TARIM VE KÖYİŞLERİ BAKANI MEHMET MEHDİ EKER (Devamla) – Burada da 9’unda savcılık kararı yayınlandıktan sonra, savcılık kararı gönderildikten sonra biz, derhâl, benim imzamla -burada soruşturma raporu var- ve biz Türkiye’de bunu araştırıyoruz, yetmiyor çünkü Türkiye’de herhangi bir şey yok, böyle bir firma yok.

(Mikrofon otomatik cihaz tarafından kapatıldı)

BAŞKAN – Sayın Bakan, son cümlenizi alayım, teşekkür cümlenizi efendim.

TARIM VE KÖYİŞLERİ BAKANI MEHMET MEHDİ EKER (Devamla) – Son cümlelerimi söylüyorum: Türkiye’de böyle bir firma yok, kapatılmış. Bunun üzerine Amerika Birleşik Devletleri’ne yazı yazıyoruz, ta oradan soruşturuyoruz. Evrakı da burada, yazılan yazılar da burada.

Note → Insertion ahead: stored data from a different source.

(* Consider the two-layer multi-item order fulfillment problem described in the context with a single FDC ($K=1$), any fixed costs $f_0,f_1\ge0$, and variable costs in $[a,b]$ for constants $b>a>0$. Then every online fulfillment policy $\mathrm{ALG}$ (deterministic or randomized) satisfies \[\mathfrak R(\mathrm{ALG})\ge\max\left\{1,\ \frac13\sqrt{\frac ba},\ \frac14\max_{n\ge2}\min\left\{n,\ \frac{f_0}{f_1+na}\right\}\right\},\] where the inner maximum is over integers $n\ge 2$.
   Context: Problem with one FDC (index $1$) and one RDC (index $0$, unlimited inventory). The FDC initially holds $I_{1,0}^i\ge0$ units of item $i$, never replenished. In periods $t=1,\dots,T$ an order $\boldsymbol S_t=(S_t^i)_i$ of nonnegative integers arrives; after observing it and the variable costs $c_{k,t}^i$, the policy must immediately and irrevocably choose $m_{0,t}^i,m_{1,t}^i\ge0$ with $m_{0,t}^i+m_{1,t}^i=S_t^i$ and $m_{1,t}^i\le I_{1,t-1}^i$, $I_{1,t}^i=I_{1,0}^i-\sum_{\tau\le t}m_{1,\tau}^i$. Period cost $\sum_{k=0,1}[f_k\mathbb{I}(\sum_im_{k,t}^i>0)+\sum_ic_{k,t}^im_{k,t}^i]$; total cost is the sum. An online policy (possibly randomized) decides in period $t$ using only fixed costs, initial inventories and orders/variable costs up to $t$. $\mathfrak R(\mathrm{ALG})$ is the supremum of $\mathrm{ALG}(I)/\mathrm{OPT}(I)$ ((expected) policy cost over offline optimal cost) over all numbers of items, horizons $T$, initial inventories, variable costs in $[a,b]$ and order sequences. *)

From HB Require Import structures.
From mathcomp Require Import all_boot all_order all_algebra.
From mathcomp Require Import classical_sets reals constructive_ereal ereal.
Lemma sum_inv_pow2 (K : nat) : \sum_(k < K) (2 ^+ k.+1)^-1 = 1 - (2 ^+ K)^-1 :> R.
Proof.
elim: K => [|K IH]; first by rewrite big_ord0 expr0 invr1 subrr.
rewrite big_ord_recr /= IH exprS.
have : (2 ^+ K : R) != 0 by rewrite expf_neq0 // pnatr_eq0.
by move=> ?; field.
Qed.

Lemma prod_enlarge_le (n : nat) (a b : 'I_n -> R) (r u : R) :
  (forall j, a j <= b j) -> 0 <= 2 * r + u <= 1 ->
  \prod_(j < n) (b j + r - (a j - r) + u) <= \prod_(j < n) (b j - a j) +
    2 * r * 2 ^+ n * \prod_(j < n) (b j - a j + 1) +
    u * 2 ^+ n * \prod_(j < n) (b j - a j + 1).
Proof.
move=> ab s01; have L0 j : 0 <= b j - a j by rewrite subr_ge0.
have -> : \prod_(j < n) (b j + r - (a j - r) + u) = \prod_(j < n) (b j - a j + (2 * r + u)).
  by apply: eq_bigr => j _; ring.
by apply: le_trans (prod_addr_le L0 s01) _; rewrite -addrA lerD2l !mulrDl.
Qed.

Lemma slack_bounds (et C q : R) (k : nat) : 0 < et <= 1 -> 1 <= C -> 1 <= q ->
  0 < et / (12 * C * q * 2 ^+ k.+1) <= 1 / 12.
Proof.
move=> /andP [et0 et1] C1 q1.
have : 1 <= C * (q * 2 ^+ k.+1) by rewrite !mulr_ege1 // exprn_ege1 // (ler_nat R 1 2).
rewrite !mulrA => den1; rewrite divr_gt0 //=; last by lra.
by rewrite ler_pdivrMr; [nra | lra].
Qed.

Lemma sum_slack_le (et C : R) (Q : nat -> R) (K : nat) :
  0 < et -> 0 < C -> (forall k, 0 < Q k) ->
  \sum_(k < K) 2 * (et / (12 * C * Q k * 2 ^+ k.+1)) * C * Q k <= et / 6.
Proof.
move=> et0 C0 Q0.
have -> : \sum_(k < K) 2 * (et / (12 * C * Q k * 2 ^+ k.+1)) * C * Q k =
    et / 6 * \sum_(k < K) (2 ^+ k.+1)^-1.
  rewrite mulr_sumr; apply: eq_bigr => k _; field.
  by rewrite expf_neq0 ?pnatr_eq0 //= !lt0r_neq0.
by rewrite sum_inv_pow2 ler_piMr ?divr_ge0 ?ltW // lerBlDr lerDl.
Qed.

End Estimates.

Section CoverBound.
Variables (R : realType) (d : nat).
Local Notation P := (prod_topology (real_coord R d)).

Lemma exists_div_natmul_le (x e : R) (M : nat) : 0 < e -> (0 < M)%N ->
  exists2 T : nat, (0 < T)%N & x / (M * T)%:R <= e.
Proof.
move=> e0 M0.
have [T hT] : exists T : nat, `|x| / e < T%:R.
  exists (Num.Def.archi_bound (`|x| / e)); apply: archi_boundP.
  by rewrite divr_ge0 // ltW.
exists T.+1 => //; rewrite ltr_pdivrMr // in hT.
rewrite ler_pdivrMr ?ltr0n ?muln_gt0 ?M0 //.
have : (T%:R : R) <= (M * T.+1)%:R by rewrite ler_nat; nia.
by move=> /(ler_wpM2l (ltW e0)); have := ler_norm x; lra.
Qed.

Lemma exists_margin (n et : R) : 0 <= n -> 0 < et ->
  exists2 M : nat, (2 <= M)%N & n - et / 3 <= n * (1 - 2 / M%:R) ^+ d.
Proof.
move=> n0 et0.
have et3 : 0 < et / 3 by rewrite divr_gt0.
have [T T_gt0] := @exists_div_natmul_le (2 * n * d%:R) (et / 3) 2 et3 isT.
set M := (2 * T)%N => nM; exists M; first by rewrite /M; lia.
have u01 : 0 <= 2 / (M%:R : R) <= 1.
  by rewrite divr_ge0 ?ler0n //= ler_pdivrMr ?ltr0n ?mul1r ?(ler_nat R 2) /M //; lia.
apply: le_trans (ler_wpM2l n0 (bernoulli_ineq d u01)).
have -> : n * (1 - d%:R * (2 / M%:R)) = n - 2 * n * d%:R / M%:R by ring.
by rewrite lerD2l lerN2.
Qed.

Lemma shrunk_cubes_finite_cover (S : {fset zpt d}) (A : set (rpt R d))
    (a b : nat -> 'I_d -> R) (del : nat -> R) (m : R) :
  0 < m -> (forall k, 0 < del k) -> (forall i, i \in S -> open_cube i `<=` A) ->
  A `<=` \bigcup_k box (a k) (b k) ->
  exists K, forall i (x : rpt R d), i \in S ->
    (forall j, (i j)%:~R + m <= x j <= (i j)%:~R + 1 - m) ->
    exists2 k, (k < K)%N & forall j, a k j - del k <= x j <= b k j + del k.
Proof.
move=> m0 del0 SA Acov.
pose C := \big[setU/set0]_(i <- S)
  [set x : P | forall j, (i j)%:~R + m <= x j <= (i j)%:~R + 1 - m].
have Ccpt : compact C by apply: bigsetU_compact => i _; apply: box_compact.
have Ccov : C `<=` \bigcup_k [set x : P | forall j, a k j - del k < x j < b k j + del k].
  move=> x; rewrite /C -bigcup_seq => -[i /= iS xi].
  have [|k _ xk] := Acov x; first by apply: (SA i iS) => j; have /andP [? ?] := xi j; lra.
  by exists k => // j; have /andP [? ?] := xk j; have := del0 k; lra.
have [K CK] := compact_finite_box_cover Ccpt Ccov.
exists K => i x iS xi; have [|k kK xk] := CK x; first by rewrite /C -bigcup_seq; exists i.
by exists k => // j; have /andP [? ?] := xk j; apply/andP; split; exact: ltW.
Qed.

Lemma card_le_cover_vol (S : {fset zpt d}) (A : set (rpt R d)) (a b : nat -> 'I_d -> R)
    (et : R) :
  (forall i, i \in S -> open_cube i `<=` A) -> (forall k j, a k j <= b k j) ->
  A `<=` \bigcup_k box (a k) (b k) -> 0 < et ->
  exists K, #|`S|%:R <= \sum_(k < K) \prod_(j < d) (b k j - a k j) + et.
Proof.
move=> SA ab Acov et0; wlog et1 : et et0 / et <= 1.
  move=> wlog_et; have [|/ltW et1] := leP et 1; first exact: wlog_et.
  have [K SK] := wlog_et 1 ltr01 (lexx 1).
  by exists K; apply: le_trans SK _; rewrite lerD2l.
have etP : 0 < et <= 1 by rewrite et0.
(* The error [et] is spent as [et / 3] on shrinking the unit cubes by [1 / M],
   [et / 6] on enlarging the [k]-th box by [del k], and [et / 6] on the grid
   resolution [1 / N]. *)
have [M M2 nM] := exists_margin (ler0n R #|`S|) et0.
pose Q k := \prod_(j < d) (b k j - a k j + 1).
have Q1 k : 1 <= Q k.
  have : \prod_(j < d) (1 : R) <= Q k.
    by apply: ler_prod => j _; rewrite ler01 lerDr subr_ge0 ab.
  by rewrite big1_eq.
pose Cd : R := 2 ^+ d.
have Cd1 : 1 <= Cd by apply: exprn_ege1; rewrite (ler_nat R 1 2).
pose del k := et / (12 * Cd * Q k * 2 ^+ k.+1).
have del0 k : 0 < del k by have /andP [] := slack_bounds k etP Cd1 (Q1 k).
have M_gt0 : (0 : R) < (M%:R)^-1 by rewrite invr_gt0 ltr0n; lia.
have [K HK] := shrunk_cubes_finite_cover M_gt0 del0 SA Acov.
set X := \sum_(k < K) Q k.
have et6 : 0 < et / 6 by rewrite divr_gt0.
have [T T_gt0 hT] := @exists_div_natmul_le (Cd * X) (et / 6) M et6 (ltnW M2).
have ae k j : a k j - del k <= b k j + del k by have := ab k j; have := del0 k; lra.
have G := card_mul_shrink_le_cover T_gt0 M2 ae HK.
set N := (M * T)%N in G hT.
have N_gt0 : (0 : R) < N%:R by rewrite ltr0n muln_gt0 T_gt0 andbT; lia.
have vol_enlarged k : \prod_(j < d) (b k j + del k - (a k j - del k) + (N%:R)^-1) <=
    \prod_(j < d) (b k j - a k j) + 2 * del k * Cd * Q k + (N%:R)^-1 * Cd * Q k.
  apply: prod_enlarge_le => //; have /andP [? ?] := slack_bounds k etP Cd1 (Q1 k).
  have : 0 < (N%:R : R)^-1 by rewrite invr_gt0.
  have : (N%:R : R)^-1 <= 2^-1 by rewrite lef_pV2 ?posrE ?ltr0n // ?ler_nat /N; nia.
  by rewrite /del => ? ?; apply/andP; split; lra.
have sum_del : \sum_(k < K) 2 * del k * Cd * Q k <= et / 6.
  by apply: sum_slack_le => // [|k]; [exact: lt_le_trans Cd1 | exact: lt_le_trans (Q1 k)].
exists K; have := le_trans nM (le_trans G (ler_sum _ (fun (k : 'I_K) _ => vol_enlarged k))).
rewrite !big_split /= -mulr_sumr -/X.
have NX : (N%:R)^-1 * Cd * X <= et / 6 by rewrite -mulrA mulrC.
by move=> ?; lra.
Qed.
Fixpoint eval (E : env) (t : ty I) (e : mexpr R sch t) {struct e} : mat t :=
  match e in mexpr _ _ t return mat t with
  | EVar x => E x
  | ETr _ _ _ e1 => (eval E e1)^T
  | EOne a _ r _ => const_mx (1 : R r)
  | EDiag a r e1 =>
      let v := eval E e1 in \matrix_(i, j) (if i == j then v i ord0 else 0)
  | EMul _ _ _ _ e1 e2 => eval E e1 *m eval E e2
  | EApply a b k rs ro f args =>
      \matrix_(i, j) f (fun l => eval E (args l) i j)
  | EPick _ _ _ e1 => pickAny (eval E e1)
  | EFor a _ m xs _ _ init upd =>
      (iter (dimv a)
         (fun st : (forall j : 'I_m.+1, mat (sch (xs j))) =>
            fun j => eval (setall E st) (upd j))
         (fun j => eval E (init j))) ord0
  end.
End Semantics.

(* dec-MATLANG over a single semiring T: the instance with one semiring. *)
Definition Rdec (T : pzSemiRingType) : unit -> pzSemiRingType := fun _ => T.

(* Variables of the translated expression: inl x is the input variable x of
   the original expression; inr y are auxiliary variables with schema aux. *)
Definition dsch (I : Type) (sch : nat -> ty I) (aux : nat -> ty unit)
    (v : (nat + nat)%type) : ty unit :=
  match v with inl x => ((sch x).1.1, (sch x).1.2, tt) | inr y => aux y end.

Definition encenv (I : Type) (R : I -> pzSemiRingType) (T : pzSemiRingType)
    (enc : forall i, R i -> T) (sch : nat -> ty I) (aux : nat -> ty unit)
    (D : nat -> nat) (E : env R sch D)
    (Eaux : forall y : nat, mat (Rdec T) D (aux y)) :
    env (Rdec T) (dsch sch aux) D :=
  fun v => match v as v return mat (Rdec T) D (dsch sch aux v) with
           | inl x => map_mx (enc (sch x).2) (E x)
           | inr y => Eaux y
           end.
(* Let $\mathcal{A}=(A,B,s,t,\Delta)$ be a left multiplier bialgebroid and $B_0\subseteq B$ a two-sided ideal with $s(B_0)A=A=t(B_0)A$; let $s_0,t_0$ be the restrictions of $s,t$ to $B_0$. Then the natural map ${}_{B_0}A\otimes A^{B_0}\to{}_BA\otimes A^B$ is an isomorphism. Let $\Delta_0$ be the composition of $\Delta$ with the induced isomorphism $A\bar\times_BA\to A\bar\times_{B_0}A$. Then $\mathcal{A}_0=(A,B_0,s_0,t_0,\Delta_0)$ is a left multiplier bialgebroid, and every left counit for $\mathcal{A}$ takes values in $B_0$ and is a left counit for $\mathcal{A}_0$.
   Context: All algebras are associative complex algebras, not necessarily unital. For an algebra $A$ with $A_A$ non-degenerate, $L(A)$ denotes right $A$-module endomorphisms of $A$ (containing $A$ via left multiplication) and $M(A)=\{T\in L(A):aT\in A\ \forall a\}$. For an algebra $D$ with a homomorphism $s\colon D\to M(A)$ and anti-homomorphism $t\colon D\to M(A)$, ${}_DA\otimes A^D$ denotes the quotient of $A\otimes A$ by the span of $s(x)a\otimes b-a\otimes t(x)b$ ($x\in D$), and $A\bar\times_DA$ the algebra of linear endomorphisms $T$ of ${}_DA\otimes A^D$ such that for all $a,b\in A$ there are $T(a\otimes1),T(1\otimes b)\in{}_DA\otimes A^D$ with $T(a\otimes b)=T(a\otimes1)(1\otimes b)=T(1\otimes b)(a\otimes1)$. A left multiplier bialgebroid is a tuple $(A,B,s,t,\Delta)$: (i) $A,B$ algebras, $A_A$ non-degenerate and idempotent; (ii) $s\colon B\to M(A)$ homomorphism, $t\colon B\to M(A)$ anti-homomorphism with commuting images, $s,t$ injective, $s(B)A=A=t(B)A$; ${}_BA\otimes A^B$ is non-degenerate as a right module over $A\otimes1$ and over $1\otimes A$; (iii) $\Delta\colon A\to A\bar\times_BA$ is an algebra homomorphism; (iv) $\Delta(s(x)t(y)as(x')t(y'))=(t(y)\otimes s(x))\Delta(a)(t(y')\otimes s(x'))$; (v) if $\Delta(b)(1\otimes c)=\sum p_i\otimes q_i$ and $\Delta(b)(a\otimes1)=\sum u_j\otimes v_j$ then $\sum\Delta(p_i)(a\otimes1)\otimes q_i=\sum u_j\otimes\Delta(v_j)(1\otimes c)$ in $A^{\otimes3}$ modulo the span of $s(x)a\otimes b\otimes c-a\otimes t(x)b\otimes c$ and $a\otimes s(x)b\otimes c-a\otimes b\otimes t(x)c$. Canonical maps $T_\lambda(a\otimes b)=\Delta(b)(a\otimes1)$, $T_\rho(a\otimes b)=\Delta(a)(1\otimes b)$. A left counit is a linear $\varepsilon\colon A\to B$ with $\varepsilon(s(x)a)=x\varepsilon(a)$, $\varepsilon(t(y)a)=\varepsilon(a)y$, $\sum t(\varepsilon(c_i))d_i=ab$ whenever $T_\rho(a\otimes b)=\sum c_i\otimes d_i$, and $\sum s(\varepsilon(d_i))c_i=ba$ whenever $T_\lambda(a\otimes b)=\sum c_i\otimes d_i$. *)

From mathcomp Require Import all_boot all_algebra.
From mathcomp Require Import boolp Rstruct.
From mathcomp.real_closed Require Import complex.
Set Implicit Arguments.
Unset Strict Implicit.
Unset Printing Implicit Defensive.
Import GRing.Theory.
Local Open Scope ring_scope.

Dolayısıyla bize herhangi bir şey bu manada atfedilmesi, isnat edilmesi haksızlıktır.

Özür dilemesini bekliyorum, saygılar sunuyorum. (AK PARTİ sıralarından “Bravo” sesleri, alkışlar)

KEMAL KILIÇDAROĞLU (İstanbul) – Sayın Başkan…

BAŞKAN – Buyurun Sayın Kılıçdaroğlu.

AHMET YENİ (Samsun) – Özür dileyecek Sayın Başkan.

KEMAL KILIÇDAROĞLU (İstanbul) – Sayın Bakan açıklama yaptı, olayları soruşturma konusu yaptığını ifade etti. Bana iki ayrı belge gönderildiğini ve bu belgelerden son gönderilenin de tekraren gönderildiğini ifade etti. Ben bu konuda söz alıp Sayın Bakanın bana yönelik olarak yaptığı eleştirilerin doğru olmadığını ifade etmek istiyorum.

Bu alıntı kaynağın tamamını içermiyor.